• _REQUIRED WORK_: Please keep to the lines below from the one with "Hypothesis q_ge0_lt1 : 0 <= q < 1." through the one with "N (fsub s (Phi", and restate them word for word, ends included.

Records excerpted from a collection
Lemma Kmul_Kinv_l s (d : K s) : 0 < Kabs s d -> Kmul s (Kinv s d) d = K1 s.
Proof.
  destruct s; cbn; intro Hd.
  - apply Rinv_l. intros ->. rewrite Rabs_R0 in Hd. lra.
  - destruct d as [a b]; unfold Cabs, Cinv, Cmul in *; cbn in *.
    assert (Hnz : a * a + b * b <> 0) by (intros E; rewrite E, sqrt_0 in Hd; lra).
    apply injective_projections; cbn; field; exact Hnz.
Qed.

Lemma Kadd_opp_eq0 s (a b : K s) : Kadd s a (Kopp s b) = K0 s -> a = b.
Proof.
  destruct s; cbn; intro H.
  - lra.
  - destruct a, b; unfold Cadd, Copp in H; cbn in H. injection H; intros; f_equal; lra.
Qed.

Lemma Kabs_sum_mul_conj s (a b : K s) :
  Kabs s (Kadd s (Kmul s a (Kconj s a)) (Kmul s b (Kconj s b))) = Kabs s a ^ 2 + Kabs s b ^ 2.
Proof.
  destruct s; cbn.
  - rewrite !Rmult_1_r, <- !Rabs_mult, !Rabs_pos_eq by nra. ring.
  - destruct a as [a1 a2], b as [b1 b2]; unfold Cabs, Cmul, Cadd, Cconj; cbn.
    set (n := a1 * a1 + a2 * a2 + (b1 * b1 + b2 * b2)).
    replace (_ * _ + _ * _) with (n * n) by (unfold n; ring).
    rewrite sqrt_square by (unfold n; nra).
    rewrite !Rmult_1_r, !sqrt_sqrt by nra. unfold n; ring.
Qed.

Lemma Kabs_sum_mul_conj_ge s (a b : K s) m :
  0 < m -> m <= Kabs s a + Kabs s b ->
  m * m / 2 <= Kabs s (Kadd s (Kmul s a (Kconj s a)) (Kmul s b (Kconj s b))).
Proof.
  intros Hm Hab. rewrite Kabs_sum_mul_conj.
  pose proof (Kabs_ge0 s a). pose proof (Kabs_ge0 s b).
  pose proof (pow2_ge_0 (Kabs s a - Kabs s b)). nra.
Qed.

Lemma factor_of_quadratic_root s (f g a b u t : K s) :
  Kadd s (Kmul s f a) (Kmul s g b) = K1 s ->
  t = Kadd s (Kadd s u (Kopp s (Kmul s f g))) (Kopp s (Kmul s (Kmul s a b) (Kmul s t t))) ->
  u = Kmul s (Kadd s f (Kmul s t b)) (Kadd s g (Kmul s t a)).
Proof.
  intros Hunit Ht.
  transitivity (Kadd s (Kadd s (Kmul s f g) (Kmul s t (Kadd s (Kmul s f a) (Kmul s g b))))
                       (Kmul s (Kmul s a b) (Kmul s t t))); [|K_ring s].
  rewrite Hunit, Ht at 1. K_ring s.
Qed.

Lemma fn_ext s (f g : fn s) : (forall x, f x = g x) -> f = g.
Proof. intros; apply functional_extensionality; auto. Qed.

Lemma fsub_fadd_fscal s (f g : fn s) : fsub s f g = fadd s f (fscal s (Kopp s (K1 s)) g).
Proof. apply fn_ext; intro x; unfold fsub, fadd, fscal. K_ring s. Qed.

Section BanachFunctionAlgebra.

Variables (s : sfield) (A : fn s -> Prop) (N : fn s -> R).
Hypothesis HB : is_banach_function_algebra s A N.

Lemma A_zero : A (fzero s).
Proof. destruct HB as (H & _); apply H. Qed.

Lemma A_add f g : A f -> A g -> A (fadd s f g).
Proof. destruct HB as (_ & H & _); apply H. Qed.

Lemma A_scal c f : A f -> A (fscal s c f).
Proof. destruct HB as (_ & _ & H & _); apply H. Qed.

Lemma A_mul f g : A f -> A g -> A (fmul s f g).
Proof. destruct HB as (_ & _ & _ & H & _); apply H. Qed.

Lemma A_sub f g : A f -> A g -> A (fsub s f g).
Proof. intros; rewrite fsub_fadd_fscal; auto using A_add, A_scal. Qed.

Lemma N_ge0 f : A f -> 0 <= N f.
Proof. destruct HB as (_ & _ & _ & _ & H & _); apply H. Qed.

Lemma N_eq0 f : A f -> N f = 0 -> f = fzero s.
Proof. destruct HB as (_ & _ & _ & _ & _ & H & _); apply H. Qed.

Lemma N_scal c f : A f -> N (fscal s c f) = Kabs s c * N f.
Proof. destruct HB as (_ & _ & _ & _ & _ & _ & H & _); apply H. Qed.

Lemma N_add f g : A f -> A g -> N (fadd s f g) <= N f + N g.
Proof. destruct HB as (_ & _ & _ & _ & _ & _ & _ & H & _); apply H. Qed.

Lemma N_mul f g : A f -> A g -> N (fmul s f g) <= N f * N g.
Proof. destruct HB as (_ & _ & _ & _ & _ & _ & _ & _ & H & _); apply H. Qed.

Lemma N_zero : N (fzero s) = 0.
Proof.
  replace (fzero s) with (fscal s (K0 s) (fzero s)).
  - rewrite N_scal, Kabs_K0 by apply A_zero. ring.
  - apply fn_ext; intro x; unfold fscal, fzero. K_ring s.
Qed.

Lemma N_sub_le f g : A f -> A g -> N (fsub s f g) <= N f + N g.
Proof.
  intros Af Ag. rewrite fsub_fadd_fscal.
  eapply Rle_trans; [apply N_add; auto using A_scal|].
  rewrite N_scal, Kabs_opp_K1 by auto. lra.
Qed.

Lemma N_sub_comm f g : A f -> A g -> N (fsub s f g) = N (fsub s g f).
Proof.
  intros Af Ag.
  replace (fsub s g f) with (fscal s (Kopp s (K1 s)) (fsub s f g)).
  - rewrite N_scal, Kabs_opp_K1 by auto using A_sub. ring.
  - apply fn_ext; intro x; unfold fscal, fsub. K_ring s.
Qed.

Lemma N_sub_triangle f g h : A f -> A g -> A h ->
  N (fsub s f h) <= N (fsub s f g) + N (fsub s g h).
Proof.
  intros. replace (fsub s f h) with (fadd s (fsub s f g) (fsub s g h)).
  - apply N_add; auto using A_sub.
  - apply fn_ext; intro x; unfold fadd, fsub. K_ring s.
Qed.

Lemma N_le_sub_add f g : A f -> A g -> N f <= N (fsub s f g) + N g.
Proof.
  intros. replace f with (fadd s (fsub s f g) g) at 1.
  - apply N_add; auto using A_sub.
  - apply fn_ext; intro x; unfold fadd, fsub. K_ring s.
Qed.

Lemma N_sub_eq0 f g : A f -> A g -> N (fsub s f g) = 0 -> f = g.
Proof.
  intros Af Ag H. apply N_eq0 in H; auto using A_sub.
  apply fn_ext; intro x. apply Kadd_opp_eq0.
  change (fsub s f g x = fzero s x). now rewrite H.
Qed.

Definition N_converges_to (u : nat -> fn s) (f : fn s) : Prop :=
  forall eps, eps > 0 -> exists n0, forall n, (n >= n0)%nat -> N (fsub s (u n) f) < eps.

Lemma N_complete u : (forall n, A (u n)) ->
  (forall eps, eps > 0 -> exists n0, forall n m, (n >= n0)%nat -> (m >= n0)%nat ->
     N (fsub s (u n) (u m)) < eps) ->
  exists f, A f /\ N_converges_to u f.
Proof. destruct HB as (_ & _ & _ & _ & _ & _ & _ & _ & _ & H); apply H. Qed.

Lemma N_le_of_converges u f r : (forall n, A (u n) /\ N (u n) <= r) -> A f ->
  N_converges_to u f -> N f <= r.
Proof.
  intros Hu Af Hcv. apply Rle_plus_epsilon; intros eps Heps.
  destruct (Hcv eps Heps) as [n0 Hn0]. specialize (Hn0 n0 (le_n _)).
  destruct (Hu n0) as [Aun Nun].
  rewrite N_sub_comm in Hn0 by auto.
  pose proof (N_le_sub_add f (u n0) Af Aun). lra.
Qed.

Section Contraction.

Variables (Phi : fn s -> fn s) (r q : R).
Hypothesis r_ge0 : 0 <= r.
Hypothesis q_ge0_lt1 : 0 <= q < 1.
Hypothesis Phi_ball : forall t, A t -> N t <= r -> A (Phi t) /\ N (Phi t) <= r.
Hypothesis Phi_lipschitz : forall t t', A t -> A t' -> N t <= r -> N t' <= r ->
  N (fsub s (Phi t) (Phi t')) <= q * N (fsub s t t').

Let iterate n := Nat.iter n Phi (fzero s).
Let step0 := N (fsub s (iterate 1) (iterate 0)).

Lemma iterate_in_ball n : A (iterate n) /\ N (iterate n) <= r.
Proof.
  induction n as [|n IH].
  - change (iterate 0) with (fzero s). split; [apply A_zero | rewrite N_zero; exact r_ge0].
  - apply Phi_ball; apply IH.
Qed.

Lemma iterate_step_le n : N (fsub s (iterate (S n)) (iterate n)) <= q ^ n * step0.
Proof.
  induction n as [|n IH]; [rewrite pow_O, Rmult_1_l; apply Rle_refl|].
  change (iterate (S (S n))) with (Phi (iterate (S n))).
  change (iterate (S n)) with (Phi (iterate n)) at 2.
  eapply Rle_trans; [apply Phi_lipschitz; apply iterate_in_ball|].
  cbn [pow]. rewrite Rmult_assoc. apply Rmult_le_compat_l; [lra | exact IH].
Qed.

Lemma iterate_sub_le n k :
  (1 - q) * N (fsub s (iterate (n + k)) (iterate n)) <= step0 * (q ^ n - q ^ (n + k)).
Proof.
  induction k as [|k IH].
  - rewrite Nat.add_0_r. replace (fsub s (iterate n) (iterate n)) with (fzero s).
    + rewrite N_zero. lra.
    + apply fn_ext; intro x; unfold fsub, fzero. K_ring s.
  - rewrite Nat.add_succ_r.
    pose proof (N_sub_triangle (iterate (S (n + k))) (iterate (n + k)) (iterate n)
      (proj1 (iterate_in_ball _)) (proj1 (iterate_in_ball _)) (proj1 (iterate_in_ball _)))
      as Htri.
    pose proof (iterate_step_le (n + k)) as Hstep.
    cbn [pow]. nra.
Qed.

• _SOLUTION FOR THIS EXERCISE_:
Hypothesis q_ge0_lt1 : 0 <= q < 1.
Hypothesis Phi_ball : forall t, A t -> N t <= r -> A (Phi t) /\ N (Phi t) <= r.
Hypothesis Phi_lipschitz : forall t t', A t -> A t' -> N t <= r -> N t' <= r ->
  N (fsub s (Phi t) (Phi t')) <= q * N (fsub s t t').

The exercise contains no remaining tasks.